(* Let $r\geq 3$ and $i\in\{1,2,\dots,r-1\}$, and let $M$ be the binary matroid obtained from the binary projective geometry $PG(r-1,2)$ (of rank $r$) by deleting the elements of a rank-$(r-i)$ flat. Then $M$ has a flat $F$ such that $M|F$ is isomorphic to either $M(K_4)$ or $U_{3,4}$. *)

From HB Require Import structures.
From mathcomp Require Import all_boot all_order all_algebra.
Set Implicit Arguments. Unset Strict Implicit. Unset Printing Implicit Defensive.
Import GRing.Theory.
Local Open Scope ring_scope.

(* Binary vectors of length r: the points of PG(r-1,2) are the nonzero ones. *)
Notation bvec r := ('rV['F_2]_r).

Definition brank (r : nat) (X : {set bvec r}) : nat := \dim <<enum X>>%VS.

Definition bindep (r : nat) (X : {set bvec r}) : bool := brank X == #|X|.

(* M = PG(r-1,2) \ (points of the flat W): ground set = nonzero vectors not in W.
   A rank-k flat of PG(r-1,2) is the set of nonzero vectors of a k-dim subspace. *)
Definition ground (r : nat) (W : {vspace bvec r}) : {set bvec r} :=
  [set v : bvec r | (v != 0) && (v \notin W)].

Definition is_flat (r : nat) (E F : {set bvec r}) : Prop :=
  F \subset E /\
  forall e, e \in E -> brank (e |: F) = brank F -> e \in F.

Definition restr_iso (r : nat) (F : {set bvec r}) (U : finType)
    (indU : {set U} -> bool) : Prop :=
  exists f : bvec r -> U,
    [/\ {in F &, injective f}, f @: F = [set: U] &
        forall X : {set bvec r}, X \subset F -> bindep X = indU (f @: X)].

Definition U34_indep (X : {set 'I_4}) : bool := (#|X| <= 3)%N.

(* The cycle matroid M(K_4): edges are 2-subsets of the vertex set 'I_4;
   independent sets are forests, i.e. edge sets containing no cycle, which we
   express as: every nonempty edge subset Y spans more than #|Y| vertices. *)
Definition K4edge := {e : {set 'I_4} | #|e| == 2}.
Definition K4_verts (Y : {set K4edge}) : {set 'I_4} :=
  \bigcup_(e in Y) val e.
Definition K4_indep (X : {set K4edge}) : bool :=
  [forall Y : {set K4edge}, (Y \subset X) && (Y != set0) ==> (#|Y| < #|K4_verts Y|)%N].

From HB Require Import structures.
From mathcomp Require Import all_boot all_order all_algebra.
From mathcomp Require Import zify.
From Stdlib Require Import Classical.
Set Implicit Arguments. Unset Strict Implicit. Unset Printing Implicit Defensive.
Import GRing.Theory.
Local Open Scope ring_scope.

(* Over GF(2) a set of vectors is dependent iff some nonempty subset of it sums
   to zero.  Let u be a vector outside the deleted subspace W; for every
   subspace S the nonzero vectors of S outside W form a flat of M.
   If dim W >= 2, take S = <u, w1, w2> with w1, w2 independent in W: the flat
   is {u + x w1 + y w2}, in which only the whole set sums to zero, and four
   vectors of a 3-space are dependent; this is U_{3,4}.
   If W = <w>, take S = <a1, u, w> with a1 outside <u, w>: the flat is the
   Fano plane minus w.  Label the vertices of K_4 by 0, a1, u, a1 + u + w and
   each edge by the sum of its end labels; the six edge labels are exactly the
   flat.  An edge set sums to zero iff all its degrees are even, which forces
   at least as many edges as vertices; conversely the labels of a nonempty
   edge set Y lie in a space of dimension less than #|V(Y)| (spanned by the
   differences of vertex labels). *)

Lemma F2P (k : 'F_2) : k = 0 \/ k = 1.
Proof. by case: k => [[|[|k]] ltk2]; [left; apply: val_inj | right; apply: val_inj |]. Qed.

Section CharTwo.
Variable V : lmodType 'F_2.

Lemma addrr_F2 (v : V) : v + v = 0.
Proof. by rewrite -mulr2n -scaler_nat (_ : 2%:R = 0) ?scale0r //; apply: val_inj. Qed.

Lemma mulrn_odd_F2 (v : V) n : v *+ n = v *+ odd n.
Proof.
by rewrite -[n in LHS]odd_double_half mulrnDr -muln2 mulrnA mulr2n addrr_F2 addr0.
Qed.

End CharTwo.

Section BinaryMatroid.
Variable r : nat.
Notation V := (bvec r).
Implicit Types (X Y : {set V}) (U : {vspace V}).

Lemma bindepE X : bindep X = free (enum X).
Proof. by rewrite /bindep /brank /free cardE. Qed.

Lemma bindepS X Y : Y \subset X -> bindep X -> bindep Y.
Proof.
rewrite !bindepE => sYX freeX.
have -> : free (enum Y) = free (filter (mem Y) (enum X)).
  apply/perm_free/uniq_perm; [exact: enum_uniq | by rewrite filter_uniq ?enum_uniq | move=> x].
  by rewrite mem_enum mem_filter mem_enum andb_idr //; apply: (subsetP sYX).
exact: filter_free.
Qed.

Lemma bindepN_dim X U : {subset X <= U} -> (\dim U < #|X|)%N -> ~~ bindep X.
Proof.
move=> sXU ltUX; have le_XU : (\dim <<enum X>> <= \dim U)%N.
  by apply: dimvS; apply/span_subvP => x; rewrite mem_enum; apply: sXU.
by rewrite /bindep /brank neq_ltn (leq_ltn_trans le_XU ltUX).
Qed.

Lemma bindepN_zero_sum X : ~~ bindep X ->
  exists Y, [/\ Y \subset X, Y != set0 & \sum_(y in Y) y = 0].
Proof.
rewrite bindepE => /freeP; set s := enum_tuple X => notfree.
have [k nk] := not_all_ex_not _ _ notfree.
have [sk0 nk0] := imply_to_and _ _ nk.
have [i0 ki0] := not_all_ex_not _ _ nk0.
exists [set s`_i | i : 'I_#|X| in [set i | k i != 0]]; split.
- by apply/subsetP => _ /imsetP [i _ ->]; rewrite -mem_enum mem_nth ?size_tuple.
- by apply/set0Pn; exists s`_i0; apply/imsetP; exists i0; rewrite // inE; apply/eqP.
rewrite big_imset /=; last first.
  by move=> i j _ _ /eqP; rewrite nth_uniq ?size_tuple ?enum_uniq // => /eqP /val_inj.
rewrite -[RHS]sk0 big_mkcond; apply: eq_bigr => i _; rewrite inE.
by case: (F2P (k i)) => ->; rewrite ?eqxx ?scale0r ?scale1r.
Qed.

Lemma bindepN_imset_zero_sum (T : finType) (p : T -> V) (Z : {set T}) :
  injective p -> ~~ bindep (p @: Z) ->
  exists Y : {set T}, [/\ Y \subset Z, Y != set0 & \sum_(t in Y) p t = 0].
Proof.
move=> inj_p /bindepN_zero_sum [Y [sYpZ nzY sumY0]].
have pY y : y \in Y -> exists2 t, t \in Z & y = p t by move/(subsetP sYpZ)/imsetP.
exists (p @^-1: Y); split.
- by apply/subsetP => t; rewrite inE => /pY [z zZ /inj_p ->].
- by case/set0Pn: nzY => y /[dup] /pY [t _ ->] ptY; apply/set0Pn; exists t; rewrite inE.
have imY : p @: (p @^-1: Y) = Y.
  apply/setP => y; apply/imsetP/idP => [[t] | /[dup] /pY [t _ ->] ptY].
    by rewrite inE => ptY ->.
  by exists t; rewrite ?inE.
by rewrite -[RHS]sumY0 -[in RHS]imY big_imset // => s t _ _; apply: inj_p.
Qed.

Lemma mem_span_brank_setU1 X e : brank (e |: X) = brank X -> e \in <<enum X>>%VS.
Proof.
move=> eq_rank; suff -> : <<enum X>>%VS = <<enum (e |: X)>>%VS.
  by rewrite memv_span // mem_enum setU11.
apply/eqP; rewrite eqEdim -[\dim <<enum (e |: X)>>]/(brank _) eq_rank leqnn andbT.
by apply/span_subvP => x; rewrite mem_enum => xX; rewrite memv_span // mem_enum setU1r.
Qed.

Lemma is_flat_subspace (E : {set V}) U : is_flat E (E :&: [set v | v \in U]).
Proof.
split=> [|e eE /mem_span_brank_setU1 eX]; first exact: subsetIl.
rewrite !inE eE; apply: subvP eX; apply/span_subvP => x.
by rewrite mem_enum !inE => /andP [].
Qed.

Lemma restr_iso_imset (T : finType) (t0 : T) (p : T -> V) (indT : {set T} -> bool) :
  injective p -> (forall Z : {set T}, bindep (p @: Z) = indT Z) -> restr_iso (p @: setT) indT.
Proof.
move=> inj_p iso.
pose f v := odflt t0 [pick t | p t == v].
have pK : cancel p f.
  by move=> t; rewrite /f; case: pickP => [s /eqP /inj_p // | /(_ t)]; rewrite eqxx.
exists f; split.
- by move=> _ _ /imsetP [s _ ->] /imsetP [t _ ->]; rewrite !pK => ->.
- by apply/setP => t; rewrite in_setT; apply/imsetP; exists (p t); rewrite ?pK ?imset_f.
move=> X sX; rewrite -(iso (f @: X)); congr bindep; apply/setP => x.
apply/idP/imsetP => [xX | [_ /imsetP [y yX ->] ->]].
  by have /imsetP [t _ xE] := subsetP sX x xX; exists t => //; rewrite -(pK t) -xE imset_f.
by have /imsetP [t _ yE] := subsetP sX y yX; rewrite yE pK -yE.
Qed.

Lemma exists_flat_restr_iso (T : finType) (t0 : T) (p : T -> V) (indT : {set T} -> bool)
    (W S : {vspace V}) :
  injective p -> (forall Z : {set T}, bindep (p @: Z) = indT Z) ->
  (forall t, p t \in S) -> (forall t, p t \notin W) ->
  (forall v, v \in S -> v != 0 -> v \notin W -> exists t, v = p t) ->
  exists F, is_flat (ground W) F /\ restr_iso F indT.
Proof.
move=> inj_p iso pS pW ontoS; exists (p @: setT); split; last exact: restr_iso_imset.
suff -> : p @: setT = ground W :&: [set v | v \in S] by apply: is_flat_subspace.
apply/setP => v; rewrite !inE; apply/imsetP/andP => [[t _ ->] | [/andP [nz0 vW] vS]].
  by rewrite pS pW andbT; split=> //; apply: contraNneq (pW t) => ->; rewrite mem0v.
by have [t ->] := ontoS v vS nz0 vW; exists t.
Qed.

End BinaryMatroid.

Section Extension.
Variables (K : fieldType) (vT : vectType K).

Lemma exists_notin (U : {vspace vT}) : (\dim U < \dim {:vT})%N -> exists x, x \notin U.
Proof.
move=> ltU; have /subvPn [x _ xU] : ~~ ({:vT} <= U)%VS.
  by apply/negP => /dimvS; rewrite leqNgt ltU.
by exists x.
Qed.

Lemma exists_free2 (U : {vspace vT}) : (2 <= \dim U)%N ->
  exists w1 w2, [/\ w1 \in U, w2 \in U & free [:: w1; w2]].
Proof.
have := vbasisP U; case: (vbasis U) => s /= /eqP size_s basis_s.
have sU x : x \in s -> x \in U by move=> xs; rewrite -(span_basis basis_s) memv_span.
case: s size_s basis_s sU => [|w1 [|w2 s]] <- // basis_s sU _.
exists w1, w2; split; [apply: sU; exact: mem_head | apply: sU; by rewrite !inE eqxx orbT |].
exact: (catl_free (Y := s) (X := [:: w1; w2])) (basis_free basis_s).
Qed.

Lemma dimv1P (U : {vspace vT}) : \dim U = 1%N -> exists2 w, w != 0 & U = <[w]>%VS.
Proof.
have := vbasisP U; case: (vbasis U) => s /= /eqP size_s basis_s.
case: s size_s basis_s => [|w [|x s]] <- // basis_s _.
by exists w; rewrite -?seq1_free ?(basis_free basis_s) // -(span_basis basis_s) span_seq1.
Qed.

End Extension.

Definition F2cube := ('F_2 * 'F_2 * 'F_2)%type.

Section Coordinates.
Variables (r : nat) (b1 b2 b3 : bvec r).

Definition comb3 (c : F2cube) : bvec r := c.1.1 *: b1 + c.1.2 *: b2 + c.2 *: b3.

Lemma comb3_is_nmod_morphism : nmod_morphism comb3.
Proof.
split=> [|[[c1 c2] c3] [[d1 d2] d3]]; first by rewrite /comb3 /= !scale0r !addr0.
by rewrite /comb3 /= !scalerDl [in RHS]addrACA (addrACA (c1 *: b1) (c2 *: b2)).
Qed.

HB.instance Definition _ :=
  GRing.isNmodMorphism.Build F2cube (bvec r) comb3 comb3_is_nmod_morphism.

Lemma mem_comb3 c : comb3 c \in <<[:: b1; b2; b3]>>%VS.
Proof. by rewrite !memvD ?memvZ ?memv_span // !inE eqxx ?orbT. Qed.

Lemma comb3P v : v \in <<[:: b1; b2; b3]>>%VS -> exists c, v = comb3 c.
Proof.
rewrite !span_cons span_nil addv0.
case/memv_addP => _ /vlineP [k1 ->] [_ /memv_addP [_ /vlineP [k2 ->] [_ /vlineP [k3 ->] ->]] ->].
by exists (k1, k2, k3); rewrite /comb3 addrA.
Qed.

Hypothesis free_b : free [:: b1; b2; b3].

Lemma comb3_eq0 c : comb3 c = 0 -> c = 0.
Proof.
case: c => [[c1 c2] c3] c0; have /freeP free3 := free_b.
have := free3 (fun i : 'I_3 => [:: c1; c2; c3]`_i).
rewrite !big_ord_recl big_ord0 addr0 addrA => /(_ c0) k0.
by move: (k0 ord0) (k0 (lift ord0 ord0)) (k0 (lift ord0 (lift ord0 ord0))) => /= -> -> ->.
Qed.

Lemma comb3_inj : injective comb3.
Proof.
move=> c d eq_cd; apply/eqP; rewrite -subr_eq0; apply/eqP/comb3_eq0.
by rewrite raddfB /= eq_cd subrr.
Qed.

End Coordinates.

(* Stated with the ordinals that [big_ord_recl] produces. *)
Lemma ord4P (t : 'I_4) :
  [\/ t = ord0, t = lift ord0 ord0, t = lift ord0 (lift ord0 ord0)
    | t = lift ord0 (lift ord0 (lift ord0 ord0))].
Proof.
case: t => [[|[|[|[|t]]]] lt_t4] //;
  [constructor 1 | constructor 2 | constructor 3 | constructor 4]; exact: val_inj.
Qed.

Definition U34pt (t : 'I_4) : F2cube :=
  nth 0 [:: (1, 0, 0); (1, 1, 0); (1, 0, 1); (1, 1, 1)] t.

Lemma U34pt_inj : injective U34pt.
Proof.
move=> s t /eqP; apply: contraTeq.
by case: (ord4P s) => ->; case: (ord4P t) => ->; vm_compute.
Qed.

········

## [Work required]
Write out the line containing "nth 0 [:: (1, 0, 0);" and every line after it through the end of the entries. Keep each one exactly as it is, and add nothing.

## [Answer to this exercise]
  nth 0 [:: (1, 0, 0); (1, 1, 0); (1, 0, 1); (1, 1, 1)] t.

Lemma U34pt_inj : injective U34pt.
Proof.
move=> s t /eqP; apply: contraTeq.
by case: (ord4P s) => ->; case: (ord4P t) => ->; vm_compute.
Qed.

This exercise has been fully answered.